Czego Pan się spodziewa po wyborach samorządowych 2014?

Jesień 2014 zamyka pewien etap i przynosi wraz z wyborami szanse, że po raz kolejny jeszcze więcej wartościowych osób włączy się w życie społeczne. Wszyscy, którzy dobrze życzą Polsce tego właśnie oczekują. Zawsze bezcenne są  dobre pomysły, dobry gospodarz i skuteczne realne dokonania. Życzliwość i wola działania na rzecz naszych małych lokalnych Ojczyzn.

Liczę na to, że duża liczba kandydatów różnego rodzaju komitetów - z których wiadomo nie wszyscy przecież zostaną Radnymi - da początek ich zaangażowania się w sprawy sołectw i osiedli poprzez różne formy aktywności w organizacjach pozarządowych.
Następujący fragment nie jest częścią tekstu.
Lemma d1k_kernel (l : 'I_d) (a y : 'rV[R]_d) : d1k k l a y = partial l (k y) a.
Proof.
rewrite /d1k (_ : (fun x' => k x' y) = k y) //.
by apply/funext => x'; exact: (kernel_sym hR x' y).
Qed.

Lemma d2k_d1k (m : 'I_d) (a b : 'rV[R]_d) : d2k k m a b = d1k k m b a.
Proof. by rewrite d1k_kernel. Qed.

Lemma kernel_quotient_mem a e s : H (kernel_quotient k a e s).
Proof.
apply: (rkhs_memZ hR); apply: (rkhs_memB hR); exact: (rkhs_mem_kernel hR).
Qed.

Lemma ip_kernel_quotient f a e s : H f ->
  ip f (kernel_quotient k a e s) = s^-1 * (f (s *: e + a) - f a).
Proof.
move=> Hf; have Hs := rkhs_mem_kernel hR (s *: e + a); have Ha := rkhs_mem_kernel hR a.
rewrite (ipZr hR _ (rkhs_memB hR Hs Ha) Hf) (ipBr hR Hs Ha Hf).
by rewrite !(ip_kernel hR _ Hf).
Qed.

Lemma kernel_quotient_gram (a : 'rV[R]_d) (l : 'I_d) (eps : R) : 0 < eps ->
  exists2 del : R, 0 < del & forall s t : R, s != 0 -> t != 0 ->
    `|s| < del -> `|t| < del ->
    `|ip (kernel_quotient k a (ebasis R l) s) (kernel_quotient k a (ebasis R l) t)
      - d12k k l l a a| < eps.
Proof.
move=> eps0; have [del del0 d12k_near] := d12k_line_near kC11 a a l l eps0.
exists del => // s t s0 t0 hs ht.
rewrite (ip_kernel_quotient _ _ _ (kernel_quotient_mem a _ s)) /kernel_quotient.
have [xi [eta [hxi heta]]] := mixed_increment_mvt kC11 a a l l s t.
set e := ebasis R l; set D := d12k k l l _ _ => incr.
have -> : t^-1 * (s^-1 * (k (s *: e + a) (t *: e + a) - k a (t *: e + a))
                  - s^-1 * (k (s *: e + a) a - k a a)) = D.
  by apply: (mulfI (mulf_neq0 s0 t0)); rewrite -incr; field; rewrite s0 t0.
rewrite distrC; apply: d12k_near.
  exact: le_lt_trans hxi hs.
exact: le_lt_trans heta ht.
Qed.

Lemma rkhs_partial (a : 'rV[R]_d) (l : 'I_d) :
  H (d1k k l a) /\ forall f, H f -> partial l f a = ip f (d1k k l a).
Proof.
set e := ebasis R l.
have [g Hg quotient_to_g] :=
  rkhs_family_cvg hR (kernel_quotient_mem a e) (kernel_quotient_gram a l).
have partial_ip f : H f -> partial l f a = ip f g.
  move=> Hf; apply: cvg_lim => //; apply/cvgrPdist_lt => eps eps0.
  apply: near_dnbhs0_ball.
  have bound_gt0 : 0 < eps ^+ 2 / (ip f f + 1).
    by rewrite divr_gt0 ?exprn_gt0 // ltr_wpDl ?(ip_ge0 hR).
  have [del del0 hdel] := quotient_to_g _ bound_gt0.
  exists del => // s s0 hs /=.
  rewrite -[s^-1 *: _]/(s^-1 * _) -ip_kernel_quotient // distrC.
  rewrite (ipC hR Hf Hg) (ipC hR Hf (kernel_quotient_mem a e s)).
  exact: (ip_close hR eps0 (kernel_quotient_mem a e s) Hg Hf (hdel s s0 hs)).
suff -> : d1k k l a = g by split.
apply/funext => y; have Hy := rkhs_mem_kernel hR y.
by rewrite d1k_kernel (partial_ip _ Hy) (ipC hR Hy Hg) (ip_kernel hR _ Hg).
Qed.

End DerivativeReproducing.

Lemma big_pair_of (R : realType) (N d : nat) (G : 'I_N -> 'I_d -> R) :
  \sum_(i < N) \sum_(l < d) G i l = \sum_(q < N * d) G (pair_of q).1 (pair_of q).2.
Proof.
rewrite pair_big /=.
have pair_of_bij : bijective (@pair_of d N).
  exists (fun p => cast_ord (mxvec_cast N d) (enum_rank p)) => q.
    by rewrite /pair_of enum_valK cast_ordKV.
  by rewrite /pair_of cast_ordK enum_rankK.
by rewrite (reindex (@pair_of d N)) //; exact: onW_bij.
Qed.

Lemma psd_add_scalar_unitmx (R : realFieldType) (n : nat) (A : 'M[R]_n) (c : R) :
  (forall w : 'rV_n, 0 <= (w *m A *m w^T) 0 0) -> 0 < c -> A + c%:M \in unitmx.
Proof.
move=> A_psd c0.
suff ker0 (w : 'rV_n) : w *m (A + c%:M) = 0 -> w = 0.
  rewrite -row_free_unit -kermx_eq0; apply/eqP/row_matrixP => i.
  by rewrite row0; apply: ker0; rewrite -row_mul mulmx_ker row0.
move=> w_ker; have wA : w *m A = - (c *: w).
  by apply/eqP; rewrite -subr_eq0 opprK -mul_mx_scalar -mulmxDr w_ker.
have := A_psd w; rewrite wA mulNmx -scalemxAl !mxE oppr_ge0 pmulr_rle0 //.
under eq_bigr do rewrite mxE -expr2.
move=> w_le0; have w_sq0 : \sum_j w 0 j ^+ 2 = 0.
  by apply/eqP; rewrite eq_le w_le0 sumr_ge0 // => j _; exact: sqr_ge0.
apply/rowP => j; apply/eqP; rewrite [X in _ == X]mxE -sqrf_eq0; apply/eqP.
by apply: (psumr_eq0P _ w_sq0) => // i _; exact: sqr_ge0.
Qed.

Definition dkX (R : realType) (d : nat) (k : 'rV[R]_d -> 'rV[R]_d -> R) (N : nat)
    (x : 'I_N -> 'rV[R]_d) (q : 'I_(N * d)) : 'rV[R]_d -> R :=
  d1k k (pair_of q).2 (x (pair_of q).1).

Definition gradX (R : realType) (d N : nat) (x : 'I_N -> 'rV[R]_d)
    (h : 'rV[R]_d -> R) : 'cV[R]_(N * d) :=
  \col_q partial (pair_of q).2 h (x (pair_of q).1).

Section DataFeatures.
Variables (R : realType) (d : nat) (k : 'rV[R]_d -> 'rV[R]_d -> R).
Variables (H : set ('rV[R]_d -> R)) (ip : ('rV[R]_d -> R) -> ('rV[R]_d -> R) -> R).
Variables (N : nat) (x : 'I_N -> 'rV[R]_d).
Hypotheses (kC11 : kernel_C11 k) (hR : is_RKHS k H ip).
(* Let $M=(S,\mathrm{Act},P)$ be an MDP, $T\subseteq S$, $\mathrm{opt}\in\{\min,\max\}$, and let $r_1,r_2\in\mathbb{N}_\infty^S$ with $r_1\le r_2$ (pointwise). Then $\tilde D^{\mathrm{opt}}(r_1)\le\tilde D^{\mathrm{opt}}(r_2)$.
   Context: An MDP is a tuple $M=(S,\mathrm{Act},P)$ with $S$ finite, $\mathrm{Act}$ finite, $P\colon S\times\mathrm{Act}\times S\to[0,1]$ with $\sum_{s'}P(s,a,s')\in\{0,1\}$; $\mathrm{Act}(s)=\{a\mid\sum_{s'}P(s,a,s')=1\}$ is nonempty for all $s$; $\mathrm{Post}(s,a)=\{s'\mid P(s,a,s')>0\}$. $\mathbb{N}_\infty=\mathbb{N}\cup\{\infty\}$ with $\infty+1=\infty$. The complementary distance operator $\tilde D^{\mathrm{opt}}\colon\mathbb{N}_\infty^S\to\mathbb{N}_\infty^S$ is $\tilde D^{\mathrm{opt}}(r)(s)=\infty$ for $s\in T$ and $\mathrm{opt}_{a\in\mathrm{Act}(s)}\big(\min_{s'\in\mathrm{Post}(s,a)}r(s')+[\exists u,v\in\mathrm{Post}(s,a)\colon r(u)\ne r(v)]\big)$ for $s\notin T$, where $[\varphi]$ is $1$ if $\varphi$ holds and $0$ otherwise. *)

From HB Require Import structures.
From mathcomp Require Import all_boot all_order all_algebra.
Set Implicit Arguments. Unset Strict Implicit. Unset Printing Implicit Defensive.
Import Order.TTheory GRing.Theory Num.Theory.

(* N_infty = N ∪ {∞}, encoded as option nat with None = ∞. *)
Definition ninf := option nat.
Definition ninf_inf : ninf := None.

Definition ninf_le (x y : ninf) : bool :=
  match x, y with
  | _, None => true
  | None, Some _ => false
  | Some m, Some n => (m <= n)%N
  end.

Definition ninf_min (x y : ninf) : ninf :=
  match x, y with
  | None, _ => y
  | _, None => x
  | Some m, Some n => Some (minn m n)
  end.

Definition ninf_max (x y : ninf) : ninf :=
  match x, y with
  | None, _ => None
  | _, None => None
  | Some m, Some n => Some (maxn m n)
  end.

Definition ninf_addn (x : ninf) (k : nat) : ninf :=
  match x with None => None | Some n => Some (n + k)%N end.

Inductive opt := Omin | Omax.
Definition opt_op (o : opt) : ninf -> ninf -> ninf :=
  match o with Omin => ninf_min | Omax => ninf_max end.
(* neutral elements (only used for empty ranges, which never occur since Act(s) ≠ ∅) *)
Definition opt_id (o : opt) : ninf :=
  match o with Omin => None | Omax => Some 0%N end.

Local Open Scope ring_scope.
Record mdp (R : realFieldType) (S A : finType) := MDP {
  P : S -> A -> S -> R;
  P_ge0 : forall s a s', 0 <= P s a s';
  P_le1 : forall s a s', P s a s' <= 1;
  P_sum01 : forall s a, (\sum_(s' : S) P s a s' = 0) \/ (\sum_(s' : S) P s a s' = 1);
  Act_nonempty : forall s, exists a, \sum_(s' : S) P s a s' = 1
}.

Section Ops.
Variables (R : realFieldType) (S A : finType) (M : mdp R S A).

Definition Act (s : S) : {set A} := [set a | \sum_(s' : S) P M s a s' == 1].

Definition Post (s : S) (a : A) : {set S} := [set s' | 0 < P M s a s'].

Definition Dtilde (T : {set S}) (o : opt) (r : S -> ninf) (s : S) : ninf :=
  if s \in T then ninf_inf
  else \big[opt_op o / opt_id o]_(a in Act s)
         ninf_addn (\big[ninf_min / ninf_inf]_(s' in Post s a) r s')
                   [exists u in Post s a, exists v in Post s a, r u != r v].

End Ops.

(* Monotonicity of opt and of addition reduces the claim to one action a:
   with X = Post(s,a), show min_X r1 + [r1 nonconstant on X] <= min_X r2 +
   [r2 nonconstant on X].  Only the case where r2 is constant on X, with value
   c, while r1 is not needs an argument: r1 then takes two distinct values
   below c, so one of them, and hence min_X r1, is strictly below c. *)

From HB Require Import structures.
From mathcomp Require Import all_boot all_order all_algebra.
From mathcomp Require Import zify.

Lemma ninf_le_refl x : ninf_le x x.
Proof. by case: x => //= n. Qed.

Lemma ninf_le_trans y x z : ninf_le x y -> ninf_le y z -> ninf_le x z.
Proof. by case: x; case: y; case: z => //= *; lia. Qed.

Lemma ninf_le_min x y z : ninf_le x (ninf_min y z) = ninf_le x y && ninf_le x z.
Proof. by case: x; case: y; case: z => //= *; rewrite ?andbT // leq_min. Qed.

Lemma ninf_minA : associative ninf_min.
Proof. by case=> [?|] [?|] [?|] //=; rewrite minnA. Qed.

Lemma ninf_minC : commutative ninf_min.
Proof. by case=> [?|] [?|] //=; rewrite minnC. Qed.

Lemma ninf_min_infl : left_id ninf_inf ninf_min.
Proof. by []. Qed.

HB.instance Definition _ :=
  Monoid.isComLaw.Build ninf ninf_inf ninf_min ninf_minA ninf_minC ninf_min_infl.

Lemma ninf_min_lel x y : ninf_le (ninf_min x y) x.
Proof. by case: x; case: y => //= *; lia. Qed.

Lemma ninf_le_min2 x1 x2 y1 y2 :
  ninf_le x1 x2 -> ninf_le y1 y2 -> ninf_le (ninf_min x1 y1) (ninf_min x2 y2).
Proof. by case: x1; case: x2; case: y1; case: y2 => //= *; lia. Qed.

Lemma ninf_le_max2 x1 x2 y1 y2 :
  ninf_le x1 x2 -> ninf_le y1 y2 -> ninf_le (ninf_max x1 y1) (ninf_max x2 y2).
Proof. by case: x1; case: x2; case: y1; case: y2 => //= *; lia. Qed.

Lemma opt_op_le2 o x1 x2 y1 y2 :
  ninf_le x1 x2 -> ninf_le y1 y2 -> ninf_le (opt_op o x1 y1) (opt_op o x2 y2).
Proof. by case: o; [exact: ninf_le_min2 | exact: ninf_le_max2]. Qed.

Lemma ninf_addn0 x : ninf_addn x 0 = x.
Proof. by case: x => //= n; rewrite addn0. Qed.

Lemma ninf_le_addn2 x y m n :
  ninf_le x y -> (m <= n)%N -> ninf_le (ninf_addn x m) (ninf_addn y n).
Proof. by case: x; case: y => //= *; lia. Qed.

Section MinOverSet.
Variables (S : finType) (X : {set S}).

Local Notation bigmin f := (\big[ninf_min/ninf_inf]_(y in X) f y).
Local Notation nonconst f := [exists u in X, exists v in X, f u != f v].

Lemma ninf_bigmin_le (f : S -> ninf) {x} : x \in X -> ninf_le (bigmin f) (f x).
Proof. by move=> Xx; rewrite (bigD1 x) //=; exact: ninf_min_lel. Qed.

Lemma ninf_le_bigmin c (f : S -> ninf) :
  (forall y, y \in X -> ninf_le c (f y)) -> ninf_le c (bigmin f).
Proof.
move=> cf; apply: (big_ind (ninf_le c)) => [|x y|y /cf] //.
  by case: c {cf}.
by rewrite ninf_le_min => -> ->.
Qed.

Lemma ninf_le_bigmin2 {f g : S -> ninf} :
  (forall s, ninf_le (f s) (g s)) -> ninf_le (bigmin f) (bigmin g).
Proof.
by move=> fg; apply: (big_ind2 ninf_le) => // *; exact: ninf_le_min2.
Qed.

Lemma ninf_bigmin_lt_of_neq {f : S -> ninf} {c u v} :
  u \in X -> v \in X -> f u != f v ->
  (forall y, y \in X -> ninf_le (f y) c) ->
  ninf_le (ninf_addn (bigmin f) 1) c.
Proof.
move=> Xu Xv fuv; case: c => [c|] fc; last by case: (bigmin f).
move: (fc u Xu) (fc v Xv) (ninf_bigmin_le f Xu) (ninf_bigmin_le f Xv) fuv.
case: (f u) => [ju|] //; case: (f v) => [jv|] //; case: (bigmin f) => [m|] //=.
move=> ? ? ? ? neq; have : ju != jv by apply: contraNneq neq => ->.
lia.
Qed.

Lemma ninf_le_bigmin_addn_nonconst (f g : S -> ninf) :
  (forall s, ninf_le (f s) (g s)) ->
  ninf_le (ninf_addn (bigmin f) (nonconst f)) (ninf_addn (bigmin g) (nonconst g)).
Proof.
move=> fg; have fg_min := ninf_le_bigmin2 fg.
case: (boolP (nonconst g)) => [_|g_const].
  by apply: ninf_le_addn2 => //; exact: leq_b1.
case: (boolP (nonconst f)) => [|_]; last exact: ninf_le_addn2.
case/existsP=> u /andP[Xu /existsP[v /andP[Xv fuv]]].
have gE y : y \in X -> g y = g u.
  move=> Xy; apply/eqP; apply: contraNT g_const => gyu.
  by apply/existsP; exists y; rewrite Xy; apply/existsP; exists u; rewrite Xu.
rewrite /= ninf_addn0; apply: (ninf_le_trans (g u)).
  by apply: (ninf_bigmin_lt_of_neq Xu Xv fuv) => y Xy; rewrite -(gE y Xy).
by apply: ninf_le_bigmin => y Xy; rewrite (gE y Xy) ninf_le_refl.
Qed.

End MinOverSet.

Theorem lemma8 (R : realFieldType) (S A : finType) (M : mdp R S A)
  (T : {set S}) (o : opt) (r1 r2 : S -> ninf) :
  (forall s, ninf_le (r1 s) (r2 s)) ->
  forall s, ninf_le (Dtilde M T o r1 s) (Dtilde M T o r2 s).
Proof.
move=> r12 s; rewrite /Dtilde; case: ifP => // _.
apply: (big_ind2 ninf_le) => [|x1 x2 y1 y2|a _].
- by case: o.
- exact: opt_op_le2.
- exact: ninf_le_bigmin_addn_nonconst.
Qed.
(* The series ODE turns the second derivative into Bessel's equation
   [x^2 J'' + x J' + (x^2 - nu^2) J = 0]. *)
Lemma is_derive_BesselJ' (nu x : R) : 0 <= nu -> 0 < x ->
  is_derive (BesselJ' nu) x ((nu ^ 2 / x ^ 2 - 1) * BesselJ nu x - BesselJ' nu x / x).
Proof.
  intros Hnu Hx.
  assert (Hode := bessel_series_ode nu ((x / 2) ^ 2) Hnu).
  unfold BesselJ', Rpower. rewrite BesselJ_PSeries. unfold Rpower. auto_derive.
  - repeat split; try lra; eexists;
      [apply is_derive_PSeries_bessel_coef, Hnu|apply is_derive_PSeries_derive_bessel_coef, Hnu].
  - rewrite (is_derive_unique _ _ _ (is_derive_PSeries_bessel_coef nu _ Hnu)).
    rewrite (is_derive_unique _ _ _ (is_derive_PSeries_derive_bessel_coef nu _ Hnu)).
    replace (x * / 2 * (x * / 2 * 1)) with ((x / 2) ^ 2) by (unfold Rdiv; ring).
    set (P0 := PSeries (bessel_coef nu) ((x / 2) ^ 2)) in *.
    set (P1 := PSeries (PS_derive (bessel_coef nu)) ((x / 2) ^ 2)) in *.
    set (P2 := PSeries (PS_derive (PS_derive (bessel_coef nu))) ((x / 2) ^ 2)) in *.
    assert (Hz : (x / 2) ^ 2 <> 0) by (apply pow_nonzero; lra).
    assert (E2 : P2 = - ((nu + 1) * P1 + P0) / (x / 2) ^ 2).
    { apply Rmult_eq_reg_l with ((x / 2) ^ 2); [|exact Hz]. field_simplify; [lra|lra]. }
    rewrite E2. unfold Rdiv. field. lra.
Qed.

Lemma continuous_abs_le_near (f : R -> R) (x0 : R) : continuous f x0 ->
  exists d, 0 < d /\ forall z, Rabs (z - x0) < d -> Rabs (f z) <= Rabs (f x0) + 1.
Proof.
  intros Hc. apply continuity_pt_filterlim in Hc. rewrite continuity_pt_locally in Hc.
  destruct (Hc (mkposreal 1 Rlt_0_1)) as [d Hd].
  exists d. split; [apply cond_pos|]. intros z Hz.
  assert (H := Hd z Hz). change (Rabs (f z - f x0) < 1) in H.
  assert (H2 := Rabs_triang_inv (f z) (f x0)). lra.
Qed.

Lemma PSeries_bessel_coef_abs_le_near_0 (nu : R) : 0 <= nu ->
  exists d A, 0 < d /\ 0 < A /\ forall z, Rabs z < d ->
    Rabs (PSeries (bessel_coef nu) z) <= A /\
    Rabs (PSeries (PS_derive (bessel_coef nu)) z) <= A.
Proof.
  intros Hnu.
  set (P0 := PSeries (bessel_coef nu)). set (P1 := PSeries (PS_derive (bessel_coef nu))).
  destruct (continuous_abs_le_near P0 0) as [d0 [Hd0 H0]].
  { apply (@ex_derive_continuous R_AbsRing R_NormedModule).
    eexists; apply is_derive_PSeries_bessel_coef, Hnu. }
  destruct (continuous_abs_le_near P1 0) as [d1 [Hd1 H1]].
  { apply (@ex_derive_continuous R_AbsRing R_NormedModule).
    eexists; apply is_derive_PSeries_derive_bessel_coef, Hnu. }
  assert (HP0 := Rabs_pos (P0 0)). assert (HP1 := Rabs_pos (P1 0)).
  exists (Rmin d0 d1), (Rabs (P0 0) + 1 + (Rabs (P1 0) + 1)).
  split; [apply Rmin_glb_lt; auto|split; [lra|]].
  intros z Hz. rewrite <- (Rminus_0_r z) in Hz.
  assert (B0 := H0 z (Rlt_le_trans _ _ _ Hz (Rmin_l _ _))).
  assert (B1 := H1 z (Rlt_le_trans _ _ _ Hz (Rmin_r _ _))).
  split; lra.
Qed.

Lemma BesselJ_abs_le_at_0 (nu : R) : 0 <= nu -> exists d M, 0 < d /\ forall x, 0 < x < d ->
  Rabs (BesselJ nu x) <= M * Rpower x nu /\ Rabs (BesselJ' nu x) <= M * Rpower x (nu - 1).
Proof.
  intros Hnu. destruct (PSeries_bessel_coef_abs_le_near_0 nu Hnu) as [d [A [Hd [HA HP]]]].
  exists (Rmin 1 d), ((nu + 1) * A). split; [apply Rmin_glb_lt; lra|].
  intros x [Hx Hxd].
  assert (Hx1 := Rlt_le_trans _ _ _ Hxd (Rmin_l _ _)).
  assert (Hxd' := Rlt_le_trans _ _ _ Hxd (Rmin_r _ _)).
  set (z := (x / 2) ^ 2).
  assert (Hz : Rabs z < d) by (unfold z; rewrite Rabs_pos_eq by nra; nra).
  destruct (HP z Hz) as [B0 B1].
  assert (Hhalf : Rpower (x / 2) nu <= Rpower x nu) by (apply Rle_Rpower_l; lra).
  assert (Hsplit : Rpower x nu = Rpower x (nu - 1) * x).
  { rewrite <- (Rpower_1 x) at 3 by lra. rewrite <- Rpower_plus. f_equal. ring. }
  assert (Hpos := Rpower_pos (x / 2) nu). assert (Hpos' := Rpower_pos x (nu - 1)).
  rewrite BesselJ_PSeries. unfold BesselJ'. fold z.
  rewrite !Rabs_mult, Rabs_pos_eq by lra. split.
  - apply Rle_trans with (Rpower x nu * A); [apply Rmult_le_compat; try lra; apply Rabs_pos|].
    assert (Hxnu := Rpower_pos x nu).
    assert (0 <= nu * (A * Rpower x nu)) by (apply Rmult_le_pos; nra). nra.
  - set (P0 := PSeries (bessel_coef nu) z) in *.
    set (P1 := PSeries (PS_derive (bessel_coef nu)) z) in *.
    assert (Hsum : Rabs (nu / x * P0 + x / 2 * P1) <= nu / x * A + x / 2 * A).
    { eapply Rle_trans; [apply Rabs_triang|]. rewrite !Rabs_mult.
      rewrite (Rabs_pos_eq (nu / x)), (Rabs_pos_eq (x / 2)) by (try apply Rdiv_le_0_compat; lra).
      apply Rplus_le_compat; apply Rmult_le_compat_l; try lra. apply Rdiv_le_0_compat; lra. }
    apply Rle_trans with (Rpower x nu * (nu / x * A + x / 2 * A));
      [apply Rmult_le_compat; try lra; apply Rabs_pos|].
    rewrite Hsplit.
    replace (Rpower x (nu - 1) * x * (nu / x * A + x / 2 * A))
      with (Rpower x (nu - 1) * A * (nu + x * x / 2)) by (field; lra).
    replace ((nu + 1) * A * Rpower x (nu - 1)) with (Rpower x (nu - 1) * A * (nu + 1)) by ring.
    apply Rmult_le_compat_l; [apply Rmult_le_pos; lra|nra].
Qed.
Wierzę, że Powiat Limanowski i inne nasze samorządy nie zmarnują żadnej nawet najmniejszej szansy na poprawę, życia i warunków funkcjonowania swoich mieszkańców. Chciałbym również, aby więcej osób zajmujących się prowadzeniem działalności gospodarczej i firm skorzystało ze środków pomocowych w nowej perspektywie UE.

Będę w tym pomagał.

 

Może słowo o tym co działo się w Warszawie?

Najwięcej satysfakcji mam z faktu, że batalia o obniżenie oprocentowania kredytów konsumenckich w Polsce, którą podjąłem kierując Podkomisją do Spraw Instytucji Finansowych przyniosła efekt. Maksymalne oprocentowanie takich kredytów spadnie z 16 do 12%. Rocznie 5 mld zł. zostanie w kieszeni milionów Polaków tyle mniej odsetek zaniosą do banków ludzie zadłużeni na zakup pralki, telewizora, lodówki, samochodu itp., użytkownicy kart kredytowych i pożyczkobiorcy małych kredytów gotówkowych i kredytów w rachunku oszczędnościowo rozliczeniowym. Przez ostatnie 8 lat pomimo spadku inflacji nie obniżano oprocentowania tych kredytów. Analitycy i opinia publiczna milczała w tej sprawie. Uruchomiłem tę dyskusję dostarczając analiz porównawczych z innymi krajami Unii i przełamałem zmowę milczenia i bezczynność w tym temacie.